> **Requirement**: Return, in their exact form, the lines that lie between the start of the data below and the line containing "case: (C \in Csets n); last by rewrite big1.", with both ends included.

> **Material for this exercise**:
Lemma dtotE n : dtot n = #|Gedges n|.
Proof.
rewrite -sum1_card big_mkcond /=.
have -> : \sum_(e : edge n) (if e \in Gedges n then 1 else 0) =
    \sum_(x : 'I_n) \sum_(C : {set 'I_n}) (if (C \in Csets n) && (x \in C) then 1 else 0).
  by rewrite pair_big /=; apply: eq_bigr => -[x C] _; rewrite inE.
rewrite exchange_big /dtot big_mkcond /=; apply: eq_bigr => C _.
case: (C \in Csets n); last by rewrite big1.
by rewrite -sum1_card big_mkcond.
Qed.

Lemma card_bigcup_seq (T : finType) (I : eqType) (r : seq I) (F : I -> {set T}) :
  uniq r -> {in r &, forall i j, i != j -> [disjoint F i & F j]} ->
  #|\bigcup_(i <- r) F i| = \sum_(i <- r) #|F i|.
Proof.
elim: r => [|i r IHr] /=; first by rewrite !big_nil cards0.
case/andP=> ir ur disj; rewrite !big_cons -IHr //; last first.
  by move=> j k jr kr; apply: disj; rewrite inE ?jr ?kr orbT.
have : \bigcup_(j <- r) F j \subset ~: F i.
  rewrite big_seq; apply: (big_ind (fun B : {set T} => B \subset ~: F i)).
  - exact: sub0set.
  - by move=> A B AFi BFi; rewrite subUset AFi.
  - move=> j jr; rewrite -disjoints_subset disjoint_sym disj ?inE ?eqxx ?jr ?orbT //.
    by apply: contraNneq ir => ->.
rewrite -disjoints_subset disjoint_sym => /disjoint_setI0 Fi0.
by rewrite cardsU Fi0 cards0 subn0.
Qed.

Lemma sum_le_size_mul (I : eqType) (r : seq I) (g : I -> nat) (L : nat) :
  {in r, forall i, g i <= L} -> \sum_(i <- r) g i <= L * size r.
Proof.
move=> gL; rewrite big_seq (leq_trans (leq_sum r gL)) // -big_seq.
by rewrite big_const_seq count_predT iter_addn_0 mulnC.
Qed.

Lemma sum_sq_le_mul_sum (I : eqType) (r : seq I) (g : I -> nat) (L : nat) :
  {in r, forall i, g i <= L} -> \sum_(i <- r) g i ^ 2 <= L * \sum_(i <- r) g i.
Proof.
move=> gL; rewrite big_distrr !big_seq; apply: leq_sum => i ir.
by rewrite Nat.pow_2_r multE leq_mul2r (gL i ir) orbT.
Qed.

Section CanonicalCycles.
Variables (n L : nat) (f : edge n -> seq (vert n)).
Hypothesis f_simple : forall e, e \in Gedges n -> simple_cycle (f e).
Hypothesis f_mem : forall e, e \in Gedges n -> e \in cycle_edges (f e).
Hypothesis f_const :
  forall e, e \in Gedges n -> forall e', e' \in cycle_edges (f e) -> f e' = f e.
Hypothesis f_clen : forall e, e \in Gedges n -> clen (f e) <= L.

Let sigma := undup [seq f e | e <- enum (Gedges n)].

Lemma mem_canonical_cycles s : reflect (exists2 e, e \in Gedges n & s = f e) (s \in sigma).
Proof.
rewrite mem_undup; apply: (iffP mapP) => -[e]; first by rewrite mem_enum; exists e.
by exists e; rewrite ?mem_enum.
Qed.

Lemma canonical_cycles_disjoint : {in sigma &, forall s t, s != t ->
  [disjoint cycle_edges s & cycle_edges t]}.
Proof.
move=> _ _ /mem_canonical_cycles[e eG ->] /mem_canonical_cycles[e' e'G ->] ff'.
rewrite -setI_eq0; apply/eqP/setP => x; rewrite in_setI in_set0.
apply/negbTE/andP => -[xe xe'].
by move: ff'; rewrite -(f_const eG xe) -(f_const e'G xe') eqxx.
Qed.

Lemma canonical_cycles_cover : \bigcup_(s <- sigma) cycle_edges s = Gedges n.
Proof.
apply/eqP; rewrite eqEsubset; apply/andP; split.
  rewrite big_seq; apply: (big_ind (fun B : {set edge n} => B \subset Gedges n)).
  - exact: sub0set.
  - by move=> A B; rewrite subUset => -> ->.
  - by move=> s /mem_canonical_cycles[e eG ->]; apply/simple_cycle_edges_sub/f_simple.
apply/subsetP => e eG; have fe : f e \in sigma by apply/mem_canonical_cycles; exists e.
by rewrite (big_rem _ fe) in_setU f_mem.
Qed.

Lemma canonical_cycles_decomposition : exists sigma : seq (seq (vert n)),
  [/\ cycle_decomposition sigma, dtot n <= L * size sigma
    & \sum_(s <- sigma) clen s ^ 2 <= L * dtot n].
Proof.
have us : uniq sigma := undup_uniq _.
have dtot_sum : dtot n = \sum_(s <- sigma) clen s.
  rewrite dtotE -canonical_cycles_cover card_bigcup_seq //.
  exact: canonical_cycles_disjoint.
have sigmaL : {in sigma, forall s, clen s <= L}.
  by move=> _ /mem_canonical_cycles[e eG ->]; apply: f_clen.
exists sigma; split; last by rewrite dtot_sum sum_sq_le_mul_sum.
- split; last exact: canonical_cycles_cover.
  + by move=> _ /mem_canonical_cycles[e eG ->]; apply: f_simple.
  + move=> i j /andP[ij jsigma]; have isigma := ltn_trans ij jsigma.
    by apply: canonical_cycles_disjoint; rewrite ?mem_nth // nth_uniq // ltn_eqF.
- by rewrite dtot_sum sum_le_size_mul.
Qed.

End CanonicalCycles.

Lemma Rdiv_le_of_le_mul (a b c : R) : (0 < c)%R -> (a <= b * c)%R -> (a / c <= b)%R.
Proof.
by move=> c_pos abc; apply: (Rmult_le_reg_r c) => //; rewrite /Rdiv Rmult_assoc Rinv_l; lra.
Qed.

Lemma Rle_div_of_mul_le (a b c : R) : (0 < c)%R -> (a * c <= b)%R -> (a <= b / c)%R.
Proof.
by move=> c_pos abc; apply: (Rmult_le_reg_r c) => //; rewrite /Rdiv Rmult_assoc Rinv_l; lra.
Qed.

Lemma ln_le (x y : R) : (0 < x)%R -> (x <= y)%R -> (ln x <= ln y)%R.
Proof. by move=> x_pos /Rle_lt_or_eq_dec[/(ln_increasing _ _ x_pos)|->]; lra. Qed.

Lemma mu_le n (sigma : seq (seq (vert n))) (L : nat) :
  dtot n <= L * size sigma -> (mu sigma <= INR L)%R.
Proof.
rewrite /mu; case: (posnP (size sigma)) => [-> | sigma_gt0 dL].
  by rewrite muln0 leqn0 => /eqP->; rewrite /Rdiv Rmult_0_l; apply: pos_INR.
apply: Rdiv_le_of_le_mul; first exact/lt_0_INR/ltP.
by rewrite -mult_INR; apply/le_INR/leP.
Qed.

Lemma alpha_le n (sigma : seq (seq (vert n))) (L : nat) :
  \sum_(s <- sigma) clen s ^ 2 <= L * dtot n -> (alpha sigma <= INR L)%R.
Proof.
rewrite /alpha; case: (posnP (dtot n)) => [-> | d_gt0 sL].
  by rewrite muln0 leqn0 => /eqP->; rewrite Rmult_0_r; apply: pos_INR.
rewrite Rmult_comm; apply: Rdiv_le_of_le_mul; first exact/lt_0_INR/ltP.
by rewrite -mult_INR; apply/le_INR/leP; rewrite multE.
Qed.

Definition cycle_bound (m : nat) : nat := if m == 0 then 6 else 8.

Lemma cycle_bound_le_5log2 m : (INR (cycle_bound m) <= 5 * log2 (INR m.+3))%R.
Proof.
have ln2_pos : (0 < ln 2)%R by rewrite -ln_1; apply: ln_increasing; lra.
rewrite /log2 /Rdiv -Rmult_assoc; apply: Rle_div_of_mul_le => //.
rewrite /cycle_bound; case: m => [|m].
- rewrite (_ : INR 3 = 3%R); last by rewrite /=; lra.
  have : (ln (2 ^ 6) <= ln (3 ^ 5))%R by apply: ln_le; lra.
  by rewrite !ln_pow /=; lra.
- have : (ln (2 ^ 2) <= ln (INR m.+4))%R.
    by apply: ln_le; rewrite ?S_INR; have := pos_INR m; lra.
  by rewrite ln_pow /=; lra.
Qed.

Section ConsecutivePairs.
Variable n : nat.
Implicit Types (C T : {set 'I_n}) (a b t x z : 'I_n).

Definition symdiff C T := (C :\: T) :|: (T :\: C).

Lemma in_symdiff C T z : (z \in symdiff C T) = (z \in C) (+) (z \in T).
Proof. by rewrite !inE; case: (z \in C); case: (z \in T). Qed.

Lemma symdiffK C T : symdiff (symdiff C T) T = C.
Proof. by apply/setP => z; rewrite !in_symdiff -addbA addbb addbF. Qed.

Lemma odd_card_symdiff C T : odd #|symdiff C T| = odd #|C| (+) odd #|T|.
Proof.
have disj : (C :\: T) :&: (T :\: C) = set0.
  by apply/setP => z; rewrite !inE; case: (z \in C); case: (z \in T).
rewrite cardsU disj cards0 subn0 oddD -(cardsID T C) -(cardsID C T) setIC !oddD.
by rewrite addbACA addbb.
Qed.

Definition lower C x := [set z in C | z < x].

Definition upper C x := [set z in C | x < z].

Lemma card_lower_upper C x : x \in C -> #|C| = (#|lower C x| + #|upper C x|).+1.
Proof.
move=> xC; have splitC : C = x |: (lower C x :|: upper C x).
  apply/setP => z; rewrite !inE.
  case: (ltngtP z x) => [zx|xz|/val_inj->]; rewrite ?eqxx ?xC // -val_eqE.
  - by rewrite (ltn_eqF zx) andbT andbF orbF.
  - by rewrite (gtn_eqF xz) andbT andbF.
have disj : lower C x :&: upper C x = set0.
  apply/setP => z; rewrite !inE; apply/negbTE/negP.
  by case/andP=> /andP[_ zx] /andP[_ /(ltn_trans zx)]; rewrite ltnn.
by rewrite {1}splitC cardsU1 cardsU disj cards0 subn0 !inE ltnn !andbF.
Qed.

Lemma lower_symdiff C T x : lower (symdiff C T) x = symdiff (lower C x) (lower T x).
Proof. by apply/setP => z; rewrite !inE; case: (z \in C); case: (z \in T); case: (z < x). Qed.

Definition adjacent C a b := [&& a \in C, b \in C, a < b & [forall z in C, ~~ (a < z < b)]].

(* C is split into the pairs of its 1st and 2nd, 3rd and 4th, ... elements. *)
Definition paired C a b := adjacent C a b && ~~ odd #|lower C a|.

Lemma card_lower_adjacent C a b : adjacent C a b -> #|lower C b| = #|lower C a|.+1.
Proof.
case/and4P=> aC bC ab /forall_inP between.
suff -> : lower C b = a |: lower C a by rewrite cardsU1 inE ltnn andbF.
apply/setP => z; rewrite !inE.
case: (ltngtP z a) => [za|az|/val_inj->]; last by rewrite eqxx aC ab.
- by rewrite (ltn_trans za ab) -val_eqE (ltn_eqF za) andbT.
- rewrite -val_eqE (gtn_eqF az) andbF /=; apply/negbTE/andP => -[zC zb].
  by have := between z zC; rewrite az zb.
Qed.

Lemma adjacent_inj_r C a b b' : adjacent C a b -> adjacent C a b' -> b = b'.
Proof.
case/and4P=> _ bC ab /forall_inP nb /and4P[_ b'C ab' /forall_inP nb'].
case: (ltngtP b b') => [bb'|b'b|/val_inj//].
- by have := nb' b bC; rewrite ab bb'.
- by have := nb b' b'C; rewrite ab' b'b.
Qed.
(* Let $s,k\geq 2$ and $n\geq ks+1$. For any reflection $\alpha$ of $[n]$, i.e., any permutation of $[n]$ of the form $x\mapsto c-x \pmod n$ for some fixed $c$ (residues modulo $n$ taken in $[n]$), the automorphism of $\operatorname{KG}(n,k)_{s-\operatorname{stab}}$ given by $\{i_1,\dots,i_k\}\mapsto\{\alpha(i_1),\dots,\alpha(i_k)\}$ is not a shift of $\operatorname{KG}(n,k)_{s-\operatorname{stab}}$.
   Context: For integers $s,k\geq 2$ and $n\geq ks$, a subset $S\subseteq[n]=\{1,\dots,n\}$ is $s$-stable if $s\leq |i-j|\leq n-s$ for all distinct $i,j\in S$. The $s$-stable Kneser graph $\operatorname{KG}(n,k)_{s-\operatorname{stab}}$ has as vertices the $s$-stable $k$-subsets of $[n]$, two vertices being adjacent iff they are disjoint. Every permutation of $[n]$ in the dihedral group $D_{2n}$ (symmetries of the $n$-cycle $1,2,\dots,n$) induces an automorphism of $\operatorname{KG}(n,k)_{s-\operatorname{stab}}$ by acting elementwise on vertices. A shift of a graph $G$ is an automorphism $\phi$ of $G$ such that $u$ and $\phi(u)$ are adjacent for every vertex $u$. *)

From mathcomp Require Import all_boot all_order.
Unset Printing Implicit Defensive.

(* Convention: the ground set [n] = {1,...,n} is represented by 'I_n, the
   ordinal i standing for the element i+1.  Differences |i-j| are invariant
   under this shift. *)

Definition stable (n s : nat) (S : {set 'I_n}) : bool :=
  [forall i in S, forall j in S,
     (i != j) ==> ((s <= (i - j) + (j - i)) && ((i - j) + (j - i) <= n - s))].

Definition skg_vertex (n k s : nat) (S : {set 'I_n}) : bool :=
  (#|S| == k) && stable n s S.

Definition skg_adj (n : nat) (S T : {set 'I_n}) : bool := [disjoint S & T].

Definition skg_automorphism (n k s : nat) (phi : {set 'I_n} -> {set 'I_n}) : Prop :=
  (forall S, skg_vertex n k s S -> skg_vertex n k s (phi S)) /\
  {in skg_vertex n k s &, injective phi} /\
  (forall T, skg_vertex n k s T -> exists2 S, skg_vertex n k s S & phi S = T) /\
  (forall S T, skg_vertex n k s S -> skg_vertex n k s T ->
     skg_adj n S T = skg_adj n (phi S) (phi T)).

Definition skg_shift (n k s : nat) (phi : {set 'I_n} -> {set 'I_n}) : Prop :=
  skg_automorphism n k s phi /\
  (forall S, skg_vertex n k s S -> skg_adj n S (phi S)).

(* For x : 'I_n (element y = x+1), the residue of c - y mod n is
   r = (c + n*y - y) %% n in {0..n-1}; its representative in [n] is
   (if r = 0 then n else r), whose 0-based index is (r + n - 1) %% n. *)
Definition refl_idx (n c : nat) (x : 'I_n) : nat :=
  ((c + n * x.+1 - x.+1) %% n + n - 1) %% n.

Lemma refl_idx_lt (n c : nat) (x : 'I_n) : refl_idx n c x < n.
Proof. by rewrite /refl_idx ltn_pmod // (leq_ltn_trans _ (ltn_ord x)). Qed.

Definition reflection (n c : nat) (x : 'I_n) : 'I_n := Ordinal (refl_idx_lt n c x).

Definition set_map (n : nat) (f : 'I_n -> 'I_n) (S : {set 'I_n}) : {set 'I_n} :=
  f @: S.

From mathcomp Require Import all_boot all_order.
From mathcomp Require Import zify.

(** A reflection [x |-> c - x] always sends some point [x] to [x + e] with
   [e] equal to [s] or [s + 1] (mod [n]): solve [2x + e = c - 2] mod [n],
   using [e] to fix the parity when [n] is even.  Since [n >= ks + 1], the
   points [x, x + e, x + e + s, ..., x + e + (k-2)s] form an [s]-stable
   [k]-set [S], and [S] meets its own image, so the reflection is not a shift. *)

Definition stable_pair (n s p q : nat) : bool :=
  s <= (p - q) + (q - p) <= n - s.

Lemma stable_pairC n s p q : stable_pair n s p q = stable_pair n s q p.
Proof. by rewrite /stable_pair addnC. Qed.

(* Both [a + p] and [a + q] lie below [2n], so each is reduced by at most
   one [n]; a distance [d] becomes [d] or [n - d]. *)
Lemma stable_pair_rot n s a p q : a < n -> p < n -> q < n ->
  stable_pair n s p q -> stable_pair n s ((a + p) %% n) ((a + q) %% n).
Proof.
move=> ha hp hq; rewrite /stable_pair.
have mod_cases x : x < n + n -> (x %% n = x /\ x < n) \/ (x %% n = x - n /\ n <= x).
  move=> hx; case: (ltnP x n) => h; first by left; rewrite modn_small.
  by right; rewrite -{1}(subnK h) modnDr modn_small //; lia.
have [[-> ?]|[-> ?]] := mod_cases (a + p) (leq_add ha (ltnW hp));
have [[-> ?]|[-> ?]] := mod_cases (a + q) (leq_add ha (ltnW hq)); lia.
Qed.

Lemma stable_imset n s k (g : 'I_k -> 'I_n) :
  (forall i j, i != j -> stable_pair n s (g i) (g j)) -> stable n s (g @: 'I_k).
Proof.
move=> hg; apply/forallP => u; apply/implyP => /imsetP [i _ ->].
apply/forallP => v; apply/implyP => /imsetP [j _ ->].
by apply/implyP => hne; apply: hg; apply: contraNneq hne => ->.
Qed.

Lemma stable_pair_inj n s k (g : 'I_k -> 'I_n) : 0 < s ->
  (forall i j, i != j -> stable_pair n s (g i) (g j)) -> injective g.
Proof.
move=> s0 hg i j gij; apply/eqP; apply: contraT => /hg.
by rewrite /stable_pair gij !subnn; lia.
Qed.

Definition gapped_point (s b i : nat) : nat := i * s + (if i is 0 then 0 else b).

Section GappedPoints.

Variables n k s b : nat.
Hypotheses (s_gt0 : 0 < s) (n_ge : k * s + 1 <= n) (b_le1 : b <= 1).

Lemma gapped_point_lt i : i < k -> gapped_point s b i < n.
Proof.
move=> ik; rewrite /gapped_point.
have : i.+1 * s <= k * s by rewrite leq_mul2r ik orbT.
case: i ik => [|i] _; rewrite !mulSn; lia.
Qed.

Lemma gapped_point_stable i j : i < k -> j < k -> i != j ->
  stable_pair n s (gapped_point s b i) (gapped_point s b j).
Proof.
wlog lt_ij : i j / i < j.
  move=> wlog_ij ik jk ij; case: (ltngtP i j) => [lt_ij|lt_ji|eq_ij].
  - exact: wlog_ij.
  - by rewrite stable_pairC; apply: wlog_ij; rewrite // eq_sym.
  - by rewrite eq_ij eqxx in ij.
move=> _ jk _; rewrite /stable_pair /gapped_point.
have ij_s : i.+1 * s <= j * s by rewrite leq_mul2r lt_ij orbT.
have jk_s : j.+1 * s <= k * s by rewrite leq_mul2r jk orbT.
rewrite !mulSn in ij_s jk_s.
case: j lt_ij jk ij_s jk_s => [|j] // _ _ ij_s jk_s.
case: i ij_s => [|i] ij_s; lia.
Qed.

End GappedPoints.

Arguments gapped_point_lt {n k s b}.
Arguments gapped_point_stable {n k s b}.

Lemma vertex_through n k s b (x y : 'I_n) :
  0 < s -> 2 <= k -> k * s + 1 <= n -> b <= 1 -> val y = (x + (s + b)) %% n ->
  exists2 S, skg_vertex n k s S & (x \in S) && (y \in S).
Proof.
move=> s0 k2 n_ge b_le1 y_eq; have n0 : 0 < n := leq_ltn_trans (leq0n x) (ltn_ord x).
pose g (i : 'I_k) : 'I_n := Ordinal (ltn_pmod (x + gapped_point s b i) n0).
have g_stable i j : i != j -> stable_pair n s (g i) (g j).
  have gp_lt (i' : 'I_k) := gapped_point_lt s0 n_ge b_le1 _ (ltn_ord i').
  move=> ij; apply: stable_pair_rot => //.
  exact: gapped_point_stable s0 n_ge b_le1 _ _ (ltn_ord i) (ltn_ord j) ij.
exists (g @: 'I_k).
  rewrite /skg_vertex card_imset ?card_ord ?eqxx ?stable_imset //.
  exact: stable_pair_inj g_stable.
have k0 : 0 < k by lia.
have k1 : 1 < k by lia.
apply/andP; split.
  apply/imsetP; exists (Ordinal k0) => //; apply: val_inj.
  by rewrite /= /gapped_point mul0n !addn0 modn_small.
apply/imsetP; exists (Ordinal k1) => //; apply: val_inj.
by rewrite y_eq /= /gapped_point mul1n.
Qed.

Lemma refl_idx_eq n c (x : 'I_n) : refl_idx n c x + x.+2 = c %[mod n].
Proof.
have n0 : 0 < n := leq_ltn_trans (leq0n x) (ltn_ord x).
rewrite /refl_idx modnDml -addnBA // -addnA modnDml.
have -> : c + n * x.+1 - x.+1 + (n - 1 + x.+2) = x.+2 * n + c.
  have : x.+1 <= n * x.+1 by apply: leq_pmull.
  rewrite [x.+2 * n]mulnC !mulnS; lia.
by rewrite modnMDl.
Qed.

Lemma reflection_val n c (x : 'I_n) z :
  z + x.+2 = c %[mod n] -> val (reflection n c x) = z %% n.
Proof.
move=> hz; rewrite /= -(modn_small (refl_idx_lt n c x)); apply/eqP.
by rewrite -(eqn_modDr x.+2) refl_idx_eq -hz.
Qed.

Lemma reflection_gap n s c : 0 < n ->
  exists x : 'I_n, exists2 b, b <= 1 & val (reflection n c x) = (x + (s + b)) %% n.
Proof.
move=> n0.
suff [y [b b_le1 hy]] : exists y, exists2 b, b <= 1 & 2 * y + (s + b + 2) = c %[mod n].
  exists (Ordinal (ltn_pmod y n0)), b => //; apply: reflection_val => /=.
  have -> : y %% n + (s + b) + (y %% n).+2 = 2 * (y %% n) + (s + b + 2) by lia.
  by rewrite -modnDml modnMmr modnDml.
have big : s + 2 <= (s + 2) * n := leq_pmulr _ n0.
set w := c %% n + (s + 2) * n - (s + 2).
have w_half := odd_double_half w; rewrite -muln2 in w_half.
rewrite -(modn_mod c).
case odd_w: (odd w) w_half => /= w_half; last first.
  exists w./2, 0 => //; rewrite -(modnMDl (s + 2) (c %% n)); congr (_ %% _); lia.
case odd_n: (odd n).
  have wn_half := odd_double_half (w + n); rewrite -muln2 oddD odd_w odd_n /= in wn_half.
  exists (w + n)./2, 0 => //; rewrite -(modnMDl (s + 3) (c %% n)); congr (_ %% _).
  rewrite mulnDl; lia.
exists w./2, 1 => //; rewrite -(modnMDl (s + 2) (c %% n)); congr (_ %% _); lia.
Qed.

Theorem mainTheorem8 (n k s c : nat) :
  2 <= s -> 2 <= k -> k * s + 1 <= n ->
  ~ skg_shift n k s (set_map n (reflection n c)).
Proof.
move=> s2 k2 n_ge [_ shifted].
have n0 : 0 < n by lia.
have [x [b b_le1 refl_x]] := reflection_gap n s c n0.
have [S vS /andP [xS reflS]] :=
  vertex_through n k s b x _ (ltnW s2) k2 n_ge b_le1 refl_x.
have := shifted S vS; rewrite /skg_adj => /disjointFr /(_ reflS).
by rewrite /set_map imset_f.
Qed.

> **Output below**:
Lemma dtotE n : dtot n = #|Gedges n|.
Proof.
rewrite -sum1_card big_mkcond /=.
have -> : \sum_(e : edge n) (if e \in Gedges n then 1 else 0) =
    \sum_(x : 'I_n) \sum_(C : {set 'I_n}) (if (C \in Csets n) && (x \in C) then 1 else 0).
  by rewrite pair_big /=; apply: eq_bigr => -[x C] _; rewrite inE.
rewrite exchange_big /dtot big_mkcond /=; apply: eq_bigr => C _.
case: (C \in Csets n); last by rewrite big1.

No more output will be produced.